EXTRACTED INFORMATION ::
Theorem proposition4 (n p : nat) :
  0 < n -> ~~ odd p ->
  (forall K : seq 'I_n, agent_order K ->
     worst_case_egal_rank (balanced_order p K) (n ^ p - ((n - 1) * p) %/ 2)) /\
  (forall O : seq ('I_n * 'I_p), csam_order O ->
     exists k, worst_case_egal_rank O k /\ n ^ p - ((n - 1) * p) %/ 2 <= k).
Proof.
case: n => [//|m] _ even_p; rewrite subn1 /=; split=> [K K_perm | O csam_O].
  apply: worst_case_egal_rank_uniform_gain (balanced_csam p K_perm) _ => j.
  exact: gain_balanced K_perm j even_p.
have [j le_gain] := exists_gain_le csam_O (ltn0Sn m).
have [k wc_k] := worst_case_egal_rank_exists O ord0.
exists k; split=> //; apply: leq_trans (worst_case_egal_rank_ge j csam_O wc_k).
by rewrite leq_sub2l.
Qed.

WORK REQUEST ::
The job here is to write out all the entries again exactly.

REPLY TO THE TASK ::
Theorem proposition4 (n p : nat) :
  0 < n -> ~~ odd p ->
  (forall K : seq 'I_n, agent_order K ->
     worst_case_egal_rank (balanced_order p K) (n ^ p - ((n - 1) * p) %/ 2)) /\
  (forall O : seq ('I_n * 'I_p), csam_order O ->
     exists k, worst_case_egal_rank O k /\ n ^ p - ((n - 1) * p) %/ 2 <= k).
Proof.
case: n => [//|m] _ even_p; rewrite subn1 /=; split=> [K K_perm | O csam_O].
  apply: worst_case_egal_rank_uniform_gain (balanced_csam p K_perm) _ => j.
  exact: gain_balanced K_perm j even_p.
have [j le_gain] := exists_gain_le csam_O (ltn0Sn m).
have [k wc_k] := worst_case_egal_rank_exists O ord0.
exists k; split=> //; apply: leq_trans (worst_case_egal_rank_ge j csam_O wc_k).
by rewrite leq_sub2l.
Qed.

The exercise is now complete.